## SUPPLIED DATA
(* Let $G_1^o,G_2^o$ be ordered abelian groups and $H_1,H_2$ abelian groups endowed with valuational quasi-orders. Then $G_1^o\boxtimes H_1\equiv G_2^o\boxtimes H_2$ if and only if $G_1^o\equiv G_2^o$ and $H_1\equiv H_2$, where elementary equivalence is in the language $\{0,+,-,\precsim\}$.
   Context: A quasi-order $\precsim$ on an abelian group $H$ is valuational if $a\precsim b\Leftrightarrow w(b)\le w(a)$ for some valuation $w$ on $H$ (a map $w:H\to\Delta\cup\{\infty\}$, $\Delta$ totally ordered, with $w(a)=\infty\Leftrightarrow a=0$, $w(a+b)\ge\min(w(a),w(b))$, $w(-a)=w(a)$). For an ordered abelian group $(A,\le)$ and an abelian group $H$ with a valuational quasi-order $\precsim_H$, the compatible product $A\boxtimes H$ is the group $A\times H$ with the quasi-order $(a,h)\precsim(a',h')\Leftrightarrow(h=h'=0\wedge a\le a')\vee(h'\neq0\wedge h\precsim_H h')$. An ordered group is viewed as an $\{0,+,-,\precsim\}$-structure with $\precsim$ interpreted as its order, a valuationally quasi-ordered group with $\precsim$ interpreted as its quasi-order; $-$ is unary negation. *)

From HB Require Import structures.
From mathcomp Require Import all_boot all_order all_algebra.
Set Implicit Arguments. Unset Strict Implicit. Unset Printing Implicit Defensive.
Import Order.TTheory GRing.Theory.
Local Open Scope ring_scope.

Record LStruct := MkLStruct {
  carrier :> Type;
  s_zero : carrier;
  s_add : carrier -> carrier -> carrier;
  s_opp : carrier -> carrier;
  s_rel : carrier -> carrier -> Prop }.

Inductive term : Type :=
  | tvar : nat -> term
  | tzero : term
  | tadd : term -> term -> term
  | topp : term -> term.

Inductive formula : Type :=
  | ffalse : formula
  | feq : term -> term -> formula
  | frel : term -> term -> formula
  | fnot : formula -> formula
  | fand : formula -> formula -> formula
  | for_ : formula -> formula -> formula
  | fimp : formula -> formula -> formula
  | fall : nat -> formula -> formula
  | fex : nat -> formula -> formula.

Fixpoint teval (M : LStruct) (e : nat -> M) (t : term) : M :=
  match t with
  | tvar i => e i
  | tzero => s_zero M
  | tadd t1 t2 => s_add (teval e t1) (teval e t2)
  | topp t1 => s_opp (teval e t1)
  end.

Definition upd (M : LStruct) (e : nat -> M) (i : nat) (x : M) : nat -> M :=
  fun j => if j == i then x else e j.

Fixpoint sat (M : LStruct) (e : nat -> M) (f : formula) : Prop :=
  match f with
  | ffalse => False
  | feq t1 t2 => @teval M e t1 = @teval M e t2
  | frel t1 t2 => @s_rel M (@teval M e t1) (@teval M e t2)
  | fnot g => ~ @sat M e g
  | fand g h => @sat M e g /\ @sat M e h
  | for_ g h => @sat M e g \/ @sat M e h
  | fimp g h => @sat M e g -> @sat M e h
  | fall i g => forall x : M, @sat M (upd e i x) g
  | fex i g => exists x : M, @sat M (upd e i x) g
  end.

Fixpoint tfree (i : nat) (t : term) : bool :=
  match t with
  | tvar j => j == i
  | tzero => false
  | tadd t1 t2 => tfree i t1 || tfree i t2
  | topp t1 => tfree i t1
  end.

Fixpoint ffree (i : nat) (f : formula) : bool :=
  match f with
  | ffalse => false
  | feq t1 t2 | frel t1 t2 => tfree i t1 || tfree i t2
  | fnot g => ffree i g
  | fand g h | for_ g h | fimp g h => ffree i g || ffree i h
  | fall j g | fex j g => (i != j) && ffree i g
  end.

Definition sentence (f : formula) : Prop := forall i, ~~ ffree i f.

(** Truth of a sentence (the environment is irrelevant for sentences;
    we use the constant-zero environment). *)
Definition models (M : LStruct) (f : formula) : Prop := @sat M (fun _ => s_zero M) f.

Definition elem_equiv (M N : LStruct) : Prop :=
  forall f, sentence f -> (models M f <-> models N f).

Definition ordered_group (G : zmodType) (le : G -> G -> Prop) : Prop :=
  [/\ (forall a, le a a),
      (forall a b, le a b -> le b a -> a = b),
      (forall a b c, le a b -> le b c -> le a c),
      (forall a b, le a b \/ le b a)
    & (forall a b c, le a b -> le (a + c) (b + c))].

(** * Valuations and valuational quasi-orders.
    A valuation takes values in Δ ∪ {∞}, encoded as [option Δ] with [None = ∞]. *)
Definition le_inf (d : Order.disp_t) (D : orderType d) (x y : option D) : bool :=
  match x, y with
  | _, None => true
  | None, Some _ => false
  | Some a, Some b => (a <= b)%O
  end.

Definition is_valuation (H : zmodType) (d : Order.disp_t) (D : orderType d)
    (w : H -> option D) : Prop :=
  [/\ (forall a, w a = None <-> a = 0),
      (forall a b, le_inf (w a) (w (a + b)) || le_inf (w b) (w (a + b)))
    & (forall a, w (- a) = w a)].

Definition valuational (H : zmodType) (qo : H -> H -> Prop) : Prop :=
  exists (d : Order.disp_t) (D : orderType d) (w : H -> option D),
    is_valuation w /\ (forall a b, qo a b <-> le_inf (w b) (w a)).

Definition grp_struct (G : zmodType) (r : G -> G -> Prop) : LStruct :=
  @MkLStruct G 0 (fun a b => a + b) (fun a => - a) r.

Definition boxtimes_rel (A H : zmodType) (le : A -> A -> Prop) (qo : H -> H -> Prop)
    (x y : A * H) : Prop :=
  (x.2 = 0 /\ y.2 = 0 /\ le x.1 y.1) \/ (y.2 <> 0 /\ qo x.2 y.2).

Definition boxtimes (A H : zmodType) (le : A -> A -> Prop) (qo : H -> H -> Prop)
    : LStruct :=
  @MkLStruct (A * H)%type (0, 0)
    (fun x y => (x.1 + y.1, x.2 + y.2)) (fun x => (- x.1, - x.2))
    (boxtimes_rel le qo).

From Pilot Require Import Defs.
From mathcomp Require Import all_boot all_order all_algebra.
From Stdlib Require Import Classical.
(* Re-imported so that [frel] is the formula constructor rather than eqtype's [frel]. *)
Import Pilot.Defs.
Set Implicit Arguments. Unset Strict Implicit. Unset Printing Implicit Defensive.
Import GRing.Theory.
Local Open Scope ring_scope.

(* The quasi-order of A ⊠ H is a boolean combination of componentwise atomic
   conditions, so (Feferman–Vaught) every formula over A ⊠ H is equivalent to a
   finite disjunction of conjunctions φ_A ∧ ψ_H with φ_A evaluated in A and ψ_H
   in H, sentences going to sentences; hence A ≡ A' and H ≡ H' give
   A ⊠ H ≡ A' ⊠ H'.  Conversely both factors are interpretable in A ⊠ H,
   uniformly: A as the subgroup A × 0 = {x | x ≾ 0 ∨ -x ≾ 0} (totality and
   translation invariance of ≤), and H as the quotient by that subgroup, since
   h ≾ 0 forces w(h) = ∞, i.e. h = 0. *)

Lemma teval_eq_env (M : LStruct) (e e' : nat -> M) t :
  e =1 e' -> teval e t = teval e' t.
Proof. by move=> ee'; elim: t => //= [t1 -> t2 -> | t1 ->]. Qed.

Lemma upd_at (M : LStruct) (e : nat -> M) i x : upd e i x i = x.
Proof. by rewrite /upd eqxx. Qed.

Lemma eq_upd (M : LStruct) (e e' : nat -> M) i x : e =1 e' -> upd e i x =1 upd e' i x.
Proof. by move=> ee' j; rewrite /upd; case: (j == i). Qed.

Lemma upd_map (M N : LStruct) (f : M -> N) (e : nat -> M) i x :
  f \o upd e i x =1 upd (f \o e) i (f x).
Proof. by move=> j; rewrite /upd /=; case: (j == i). Qed.

Lemma sat_eq_env (M : LStruct) f (e e' : nat -> M) :
  e =1 e' -> sat e f <-> sat e' f.
Proof.
elim: f e e' => //= [t1 t2|t1 t2|g IH|g IHg h IHh|g IHg h IHh|g IHg h IHh|i g IH|i g IH]
  e e' ee'; rewrite ?(teval_eq_env _ ee') ?(IH _ _ ee') ?(IHg _ _ ee') ?(IHh _ _ ee') //.
- by split=> sg x; [apply/(IH _ _ (eq_upd i x ee')) | apply/(IH _ _ (eq_upd i x ee'))].
- by split=> -[x /(IH _ _ (eq_upd i x ee')) sg]; exists x.
Qed.

Definition ftrue : formula := fnot ffalse.

Fixpoint pconj (L1 L2 : seq (formula * formula)) : seq (formula * formula) :=
  if L1 is p :: L1' then [seq (fand p.1 q.1, fand p.2 q.2) | q <- L2] ++ pconj L1' L2
  else [::].

Fixpoint pneg (L : seq (formula * formula)) : seq (formula * formula) :=
  if L is p :: L' then pconj [:: (fnot p.1, ftrue); (ftrue, fnot p.2)] (pneg L')
  else [:: (ftrue, ftrue)].

Definition pexists i (L : seq (formula * formula)) : seq (formula * formula) :=
  [seq (fex i p.1, fex i p.2) | p <- L].

Fixpoint decomp (f : formula) : seq (formula * formula) :=
  match f with
  | ffalse => [::]
  | feq t1 t2 => [:: (feq t1 t2, feq t1 t2)]
  | frel t1 t2 => [:: (frel t1 t2, fand (feq t1 tzero) (feq t2 tzero));
                     (ftrue, fand (fnot (feq t2 tzero)) (frel t1 t2))]
  | fnot g => pneg (decomp g)
  | fand g h => pconj (decomp g) (decomp h)
  | for_ g h => decomp g ++ decomp h
  | fimp g h => pneg (decomp g) ++ decomp h
  | fall i g => pneg (pexists i (pneg (decomp g)))
  | fex i g => pexists i (decomp g)
  end.

Definition pclosed i (L : seq (formula * formula)) : bool :=
  all (fun p => ~~ ffree i p.1 && ~~ ffree i p.2) L.

Lemma pclosed_cat i L1 L2 : pclosed i (L1 ++ L2) = pclosed i L1 && pclosed i L2.
Proof. exact: all_cat. Qed.

Lemma pconj_closed i L1 L2 : pclosed i L1 -> pclosed i L2 -> pclosed i (pconj L1 L2).
Proof.
move=> + cl2; elim: L1 => //= p L1 IH /andP[/andP[p1 p2] cl1].
rewrite pclosed_cat IH // andbT /pclosed all_map.
by apply: sub_all cl2 => q /andP[q1 q2] /=; rewrite !negb_or p1 p2 q1 q2.
Qed.

Lemma pneg_closed i L : pclosed i L -> pclosed i (pneg L).
Proof.
elim: L => // p L IH /andP[/andP[p1 p2] cl].
by apply: pconj_closed; [rewrite /pclosed /= p1 p2 | exact: IH].
Qed.

Lemma pexists_closed i j L : (i == j) || pclosed i L -> pclosed i (pexists j L).
Proof.
case/orP=> [/eqP <-|cl]; first by elim: L => //= p L ->; rewrite !eqxx.
rewrite /pclosed all_map; apply: sub_all cl => p /andP[p1 p2] /=.
by rewrite (negbTE p1) (negbTE p2) !andbF.
Qed.

Lemma decomp_closed i f : ~~ ffree i f -> pclosed i (decomp f).
Proof.
elim: f => //= [t1 t2|t1 t2|g IH|g IHg h IHh|g IHg h IHh|g IHg h IHh|j g IH|j g IH];
  try by case/norP=> n1 n2; rewrite /pclosed /= (negbTE n1) (negbTE n2).
- by move/IH/pneg_closed.
- by case/norP=> /IHg cg /IHh ch; apply: pconj_closed.
- by case/norP=> /IHg cg /IHh ch; rewrite pclosed_cat cg ch.
- by case/norP=> /IHg/pneg_closed cg /IHh ch; rewrite pclosed_cat cg ch.
- rewrite negb_and negbK => nf; apply/pneg_closed/pexists_closed.
  by case/orP: nf => [-> //|/IH/pneg_closed ->]; rewrite orbT.
- rewrite negb_and negbK => nf; apply: pexists_closed.
  by case/orP: nf => [-> //|/IH ->]; rewrite orbT.
Qed.

Section PairSatisfaction.
Variables M N : LStruct.

Fixpoint psat (eM : nat -> M) (eN : nat -> N) (L : seq (formula * formula)) : Prop :=
  if L is p :: L' then (sat eM p.1 /\ sat eN p.2) \/ psat eM eN L' else False.

Lemma psat_cat eM eN L1 L2 : psat eM eN (L1 ++ L2) <-> psat eM eN L1 \/ psat eM eN L2.
Proof. by elim: L1 => /= [|p L1 ->]; tauto. Qed.

Lemma psat_pconj eM eN L1 L2 :
  psat eM eN (pconj L1 L2) <-> psat eM eN L1 /\ psat eM eN L2.
Proof.
have psat_and p L : psat eM eN [seq (fand p.1 q.1, fand p.2 q.2) | q <- L] <->
    (sat eM p.1 /\ sat eN p.2) /\ psat eM eN L.
  by elim: L => /= [|q L ->]; tauto.
by elim: L1 => /= [|p L1 IH]; [tauto | rewrite psat_cat psat_and IH; tauto].
Qed.

Lemma psat_pneg eM eN L : psat eM eN (pneg L) <-> ~ psat eM eN L.
Proof.
elim: L => [|p L IH]; first by rewrite /=; tauto.
rewrite -[pneg _]/(pconj _ (pneg L)) psat_pconj IH /=.
by case: (classic (sat eM p.1)); case: (classic (sat eN p.2)); tauto.
Qed.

## WHAT THIS TASK INVOLVES
From the listing above, return the lines starting at the one with "Some b => (a <= b)%O" and ending at the one with "From Stdlib Require Import Classical.", both kept, exactly as they appear and nothing more.

## SOLUTION TO THIS PROBLEM
  | Some a, Some b => (a <= b)%O
  end.

Definition is_valuation (H : zmodType) (d : Order.disp_t) (D : orderType d)
    (w : H -> option D) : Prop :=
  [/\ (forall a, w a = None <-> a = 0),
      (forall a b, le_inf (w a) (w (a + b)) || le_inf (w b) (w (a + b)))
    & (forall a, w (- a) = w a)].

Definition valuational (H : zmodType) (qo : H -> H -> Prop) : Prop :=
  exists (d : Order.disp_t) (D : orderType d) (w : H -> option D),
    is_valuation w /\ (forall a b, qo a b <-> le_inf (w b) (w a)).

Definition grp_struct (G : zmodType) (r : G -> G -> Prop) : LStruct :=
  @MkLStruct G 0 (fun a b => a + b) (fun a => - a) r.

Definition boxtimes_rel (A H : zmodType) (le : A -> A -> Prop) (qo : H -> H -> Prop)
    (x y : A * H) : Prop :=
  (x.2 = 0 /\ y.2 = 0 /\ le x.1 y.1) \/ (y.2 <> 0 /\ qo x.2 y.2).

Definition boxtimes (A H : zmodType) (le : A -> A -> Prop) (qo : H -> H -> Prop)
    : LStruct :=
  @MkLStruct (A * H)%type (0, 0)
    (fun x y => (x.1 + y.1, x.2 + y.2)) (fun x => (- x.1, - x.2))
    (boxtimes_rel le qo).

From Pilot Require Import Defs.
From mathcomp Require Import all_boot all_order all_algebra.
From Stdlib Require Import Classical.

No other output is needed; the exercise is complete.